Mike Sill rises in favor for NYSUT’s consideration of these 4 resolutions:
- Observance of a moment of silence for 9/11 at NYC schools
- Resolution for reducing turnover for our nurse siblings.
- Resolution on respect for Diwali, observance of it and how to make it work with their school calendars
- Resolution on FMLA – the DOE had previously expanded FMLA coverage to all UFT members based on the number of hours worked. But there’s a technicality that makes the school year too short to qualify. There is a presumption in the law that teachers meet these 12,050 numbers of hours. DOE had extended that presumption to OT/PT’s, paraprofessionals, then it was suddenly stopped. We’ve been able at the UFT to negotiate. Resolution asks NEA & AFT in lobbying appropriate powers to make sure that people who work in schools, regardless of title, are covered by that law.
Motion carries.
Resolution to Keep GHI Premium Free
Alex Jallot brought a resolution to keep GHI Premium-free. The gist being that “GHI has been offered premium-free to UFT members for decades. The UFT will use its power in the MLC to keep GHI premium free. In the effort to preserve GHI coverage as premium-free, the UFT will not use any strategy that makes contractual concessions or reduces the healthcare quality of retirees and/or in-service members. “
Geoff Sorkin rose in opposition. His frustration palpable. He voiced his belief that the intention behind this was misguided. He pointed out that for 50 years, we’ve had premium free coverage. The efforts of the MLC and UFT. We’ve been fighting to continue for premium free coverage. That is our goal. This resolution pertains to both in-service members and retirees. He pointed out the implications of how a resolution like this would tie our hands from doing certain types of negotiations.

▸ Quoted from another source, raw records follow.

(* In $(\lambda^2\beta\eta\pi* )'$, let $\varphi$ be a type, $\vec X=X_1,\ldots,X_m$ distinct type variables containing all free type variables of $\varphi$, $\vec\psi=\psi_1,\ldots,\psi_m$ types, and $\vec{\mathcal R}=\mathcal R_1,\ldots,\mathcal R_m$ RCs of types $\psi_1,\ldots,\psi_m$ respectively. Then $\mathsf{RED}_\varphi[\vec X:=\vec{\mathcal R}]$ is an RC of type $\varphi[\vec X:=\vec\psi]$.
   Context: System $(\lambda^2\beta\eta\pi* )'$. Types are generated from type variables $X,Y,\ldots$ and a type constant $\top$ by $\varphi\times\psi$, $\varphi\to\psi$ and $\forall X.\varphi$. Terms are Church-style typed: the constant $*^\top$, variables $x^\varphi$, $\lambda x^\varphi.t$, application $uv$, pairs $\langle u,v\rangle$, projections $\pi_1t,\pi_2t$, universal abstraction $(\Lambda X.v^\varphi)^{\forall X.\varphi}$ (allowed only when $X$ is not free in the type of any free variable of $v$), and universal application $(t^{\forall X.\varphi}\psi)^{\varphi[X:=\psi]}$. Terms are identified up to renaming of bound variables ($\equiv$); $\mathrm{FV}$, $\mathrm{FTV}$ denote free term / type variables. $\mathit{Iso}(\top)$ is the least set of types with $\top\in\mathit{Iso}(\top)$, $\varphi\to\tau$, $\forall X.\tau\in\mathit{Iso}(\top)$ if $\tau\in\mathit{Iso}(\top)$, $\tau_1\times\tau_2\in\mathit{Iso}(\top)$ if $\tau_1,\tau_2\in\mathit{Iso}(\top)$. For $\tau\in\mathit{Iso}(\top)$: $*^\top$ is the constant, $*^{\varphi\to\tau}:=\lambda x^\varphi.*^\tau$, $*^{\tau_1\times\tau_2}:=\langle *^{\tau_1},*^{\tau_2}\rangle$, $*^{\forall X.\tau}:=\Lambda X.*^\tau$. The one-step relation $\to$ is the closure under all contexts of: $(\beta)$ $(\lambda x.u)v\to u[x:=v]$; $\pi_1\langle u,v\rangle\to u$, $\pi_2\langle u,v\rangle\to v$; $(\eta)$ $\lambda x.tx\to t$ ($x\notin\mathrm{FV}(t)$); $(SP)$ $\langle\pi_1u,\pi_2u\rangle\to u$; (gentop) $u^\tau\to *^\tau$ ($\tau\in\mathit{Iso}(\top)$, $u\not\equiv *^\tau$); $(\eta_{top})$ $\lambda x^\tau.t\,*^\tau\to t$ ($x\notin\mathrm{FV}(t)$, $\tau\in\mathit{Iso}(\top)$); $\langle\pi_1u,*^\tau\rangle\to u$ ($u:\varphi\times\tau$, $\tau\in\mathit{Iso}(\top)$); $\langle *^\tau,\pi_2u\rangle\to u$ ($u:\tau\times\psi$, $\tau\in\mathit{Iso}(\top)$); $(\beta^2)$ $(\Lambda X.t)\varphi\to t[X:=\varphi]$; $(\eta^2)$ $\Lambda X.sX\to s$ ($X\notin\mathrm{FTV}(s)$). A term is SN if no infinite $\to$-sequence starts from it; $\mathcal{SN}^\psi$ is the set of SN terms of type $\psi$. A term is neutral if it is not of the form $\langle u,v\rangle$, $\lambda x.v$ or $\Lambda X.u$. For a term $t$ and a variable $z^\top$, $t[*^\top:=z^\top]$ replaces every occurrence of the constant $*^\top$ in $t$ by $z^\top$; a set $A$ of terms is variant-closed if $t[*^\top:=z^\top]\in A$ for every $t\in A$ and every variable $z^\top$ not occurring in $t$. A reducibility candidate (RC) of type $\varphi$ is a set $\mathcal{R}$ of terms of type $\varphi$ such that: (CR0) if $\varphi\in\mathit{Iso}(\top)$ then $*^\varphi\in\mathcal{R}$, and $\mathcal{R}$ is variant-closed; (CR1) every $t\in\mathcal{R}$ is SN; (CR2) $t\in\mathcal{R}$, $t\to t'$ imply $t'\in\mathcal{R}$; (CR3) if $t$ of type $\varphi$ is neutral and every one-step reduct of $t$ is in $\mathcal{R}$, then $t\in\mathcal{R}$. For RCs $\mathcal{R}_i$ of type $\varphi_i$: $\mathcal{R}_1\times\mathcal{R}_2=\{t^{\varphi_1\times\varphi_2}\mid \pi_it\in\mathcal{R}_i, i=1,2\}$ and $\mathcal{R}_1\to\mathcal{R}_2=\{t^{\varphi_1\to\varphi_2}\mid \forall u\in\mathcal{R}_1,\ tu\in\mathcal{R}_2\}$. Given a type $\varphi$, distinct type variables $\vec X=X_1,\ldots,X_m$ containing the free type variables of $\varphi$, types $\vec\psi=\psi_1,\ldots,\psi_m$ and RCs $\vec{\mathcal{R}}=\mathcal{R}_1,\ldots,\mathcal{R}_m$ of types $\vec\psi$, the set $\mathsf{RED}_\varphi[\vec X:=\vec{\mathcal{R}}]$ of terms of type $\varphi[\vec X:=\vec\psi]$ is defined by induction on $\varphi$: $\mathsf{RED}_\top[\vec X:=\vec{\mathcal R}]=\mathcal{SN}^\top$; $\mathsf{RED}_{X_i}[\vec X:=\vec{\mathcal R}]=\mathcal{R}_i$; $\mathsf{RED}_{\varphi'\circ\varphi''}[\vec X:=\vec{\mathcal R}]=\mathsf{RED}_{\varphi'}[\vec X:=\vec{\mathcal R}]\circ\mathsf{RED}_{\varphi''}[\vec X:=\vec{\mathcal R}]$ for $\circ\in\{\to,\times\}$; for $\varphi=\forall Y.\varphi'$ (with $Y$ distinct from all $X_i$ and not free in $\vec\psi$), $\mathsf{RED}_\varphi[\vec X:=\vec{\mathcal R}]$ is the set of terms $t$ of type $(\forall Y.\varphi')[\vec X:=\vec\psi]$ such that for every type $\psi$ and every RC $\mathcal{S}$ of type $\psi$, $t\psi\in\mathsf{RED}_{\varphi'}[\vec X,Y:=\vec{\mathcal R},\mathcal{S}]$. *)

(* System (lambda^2 beta eta pi * )' in a de Bruijn / named hybrid:
   - bound type variables (under forall / Lambda) are de Bruijn indices TBVar,
     free type variables are named TFVar X;
   - bound term variables are de Bruijn indices BVar (their type is the
     annotation of their binder), free term variables are named and carry
     their type (Church style): FVar x A is the variable x^A.
   Terms are thus automatically identified up to renaming of bound variables. *)
From Stdlib Require Import List Arith PeanoNat Bool.
Import ListNotations.

Inductive ty : Type :=
| TFVar (X : nat)
| TBVar (n : nat)
| TTop
| TProd (A B : ty)
| TArr (A B : ty)
| TAll (B : ty).

Definition ty_eq_dec (A B : ty) : {A = B} + {A <> B}.
Proof. decide equality; apply Nat.eq_dec. Defined.

Fixpoint ty_wf (d : nat) (T : ty) : bool :=
  match T with
  | TFVar _ => true
  | TBVar n => n <? d
  | TTop => true
  | TProd A B | TArr A B => ty_wf d A && ty_wf d B
  | TAll B => ty_wf (S d) B
  end.

Definition is_type (T : ty) : Prop := ty_wf 0 T = true.

Fixpoint ftv (T : ty) : list nat :=
  match T with
  | TFVar X => [X]
  | TBVar _ | TTop => []
  | TProd A B | TArr A B => ftv A ++ ftv B
  | TAll B => ftv B
  end.

Fixpoint ty_shift (c : nat) (T : ty) : ty :=
  match T with
  | TFVar X => TFVar X
  | TBVar n => if c <=? n then TBVar (S n) else TBVar n
  | TTop => TTop
  | TProd A B => TProd (ty_shift c A) (ty_shift c B)
  | TArr A B => TArr (ty_shift c A) (ty_shift c B)
  | TAll B => TAll (ty_shift (S c) B)
  end.

Fixpoint ty_subst (k : nat) (U : ty) (T : ty) : ty :=
  match T with
  | TFVar X => TFVar X
  | TBVar n => if n =? k then U else if k <? n then TBVar (pred n) else TBVar n
  | TTop => TTop
  | TProd A B => TProd (ty_subst k U A) (ty_subst k U B)
  | TArr A B => TArr (ty_subst k U A) (ty_subst k U B)
  | TAll B => TAll (ty_subst (S k) (ty_shift 0 U) B)
  end.

(* simultaneous instantiation: free names via f, bound indices >= k via g
   (f and g are meant to return closed types) *)
Fixpoint tinst (f : nat -> ty) (g : nat -> ty) (k : nat) (T : ty) : ty :=
  match T with
  | TFVar X => f X
  | TBVar n => if n <? k then TBVar n else g (n - k)
  | TTop => TTop
  | TProd A B => TProd (tinst f g k A) (tinst f g k B)
  | TArr A B => TArr (tinst f g k A) (tinst f g k B)
  | TAll B => TAll (tinst f g (S k) B)
  end.

Fixpoint iso (T : ty) : bool :=
  match T with
  | TTop => true
  | TArr _ B => iso B
  | TAll B => iso B
  | TProd A B => iso A && iso B
  | _ => false
  end.

Inductive tm : Type :=
| Star
| FVar (x : nat) (A : ty)
| BVar (n : nat)
| Lam (A : ty) (t : tm)
| App (t u : tm)
| Pair (t u : tm)
| Proj1 (t : tm)
| Proj2 (t : tm)
| TLam (t : tm)
| TApp (t : tm) (A : ty).

Fixpoint star (T : ty) : tm :=
  match T with
  | TArr A B => Lam A (star B)
  | TProd A B => Pair (star A) (star B)
  | TAll B => TLam (star B)
  | _ => Star
  end.

Fixpoint tm_shift (c : nat) (t : tm) : tm :=
  match t with
  | Star => Star
  | FVar x A => FVar x A
  | BVar n => if c <=? n then BVar (S n) else BVar n
  | Lam A b => Lam A (tm_shift (S c) b)
  | App u v => App (tm_shift c u) (tm_shift c v)
  | Pair u v => Pair (tm_shift c u) (tm_shift c v)
  | Proj1 u => Proj1 (tm_shift c u)
  | Proj2 u => Proj2 (tm_shift c u)
  | TLam b => TLam (tm_shift c b)
  | TApp u A => TApp (tm_shift c u) A
  end.

Fixpoint tm_tshift (c : nat) (t : tm) : tm :=
  match t with
  | Star => Star
  | FVar x A => FVar x A
  | BVar n => BVar n
  | Lam A b => Lam (ty_shift c A) (tm_tshift c b)
  | App u v => App (tm_tshift c u) (tm_tshift c v)
  | Pair u v => Pair (tm_tshift c u) (tm_tshift c v)
  | Proj1 u => Proj1 (tm_tshift c u)
  | Proj2 u => Proj2 (tm_tshift c u)
  | TLam b => TLam (tm_tshift (S c) b)
  | TApp u A => TApp (tm_tshift c u) (ty_shift c A)
  end.

Fixpoint tm_subst (k : nat) (v : tm) (t : tm) : tm :=
  match t with
  | Star => Star
  | FVar x A => FVar x A
  | BVar n => if n =? k then v else if k <? n then BVar (pred n) else BVar n
  | Lam A b => Lam A (tm_subst (S k) (tm_shift 0 v) b)
  | App u w => App (tm_subst k v u) (tm_subst k v w)
  | Pair u w => Pair (tm_subst k v u) (tm_subst k v w)
  | Proj1 u => Proj1 (tm_subst k v u)
  | Proj2 u => Proj2 (tm_subst k v u)
  | TLam b => TLam (tm_subst k (tm_tshift 0 v) b)
  | TApp u A => TApp (tm_subst k v u) A
  end.

Fixpoint tm_tsubst (k : nat) (U : ty) (t : tm) : tm :=
  match t with
  | Star => Star
  | FVar x A => FVar x A
  | BVar n => BVar n
  | Lam A b => Lam (ty_subst k U A) (tm_tsubst k U b)
  | App u w => App (tm_tsubst k U u) (tm_tsubst k U w)
  | Pair u w => Pair (tm_tsubst k U u) (tm_tsubst k U w)
  | Proj1 u => Proj1 (tm_tsubst k U u)
  | Proj2 u => Proj2 (tm_tsubst k U u)
  | TLam b => TLam (tm_tsubst (S k) (ty_shift 0 U) b)
  | TApp u A => TApp (tm_tsubst k U u) (ty_subst k U A)
  end.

Vincent Gaglione made a motion to table this. There was a brief question about what tabling a motion means and a description. 2/3 of the motion carried and so it was.
Tabled.
Final Thoughts
I want to end by saying that I have revisited the words that Secretary Barr ended the meeting with often since Monday night. I DON’T believe leadership wants to hurt their members, I DO believe that they want to help members and I will never understand people who question every little thing and every move because they believe it is with malintent. I believe people become teachers because they love and want to help children, students, families, and communities. I DON’T think we do it for the cash and prizes. I DO believe teachers become union activist because they want to help teachers. I DO believe in the right to engage in civil discourse with your brothers and sisters. I DO believe in the right to peaceably assemble. I am the union. And so are you.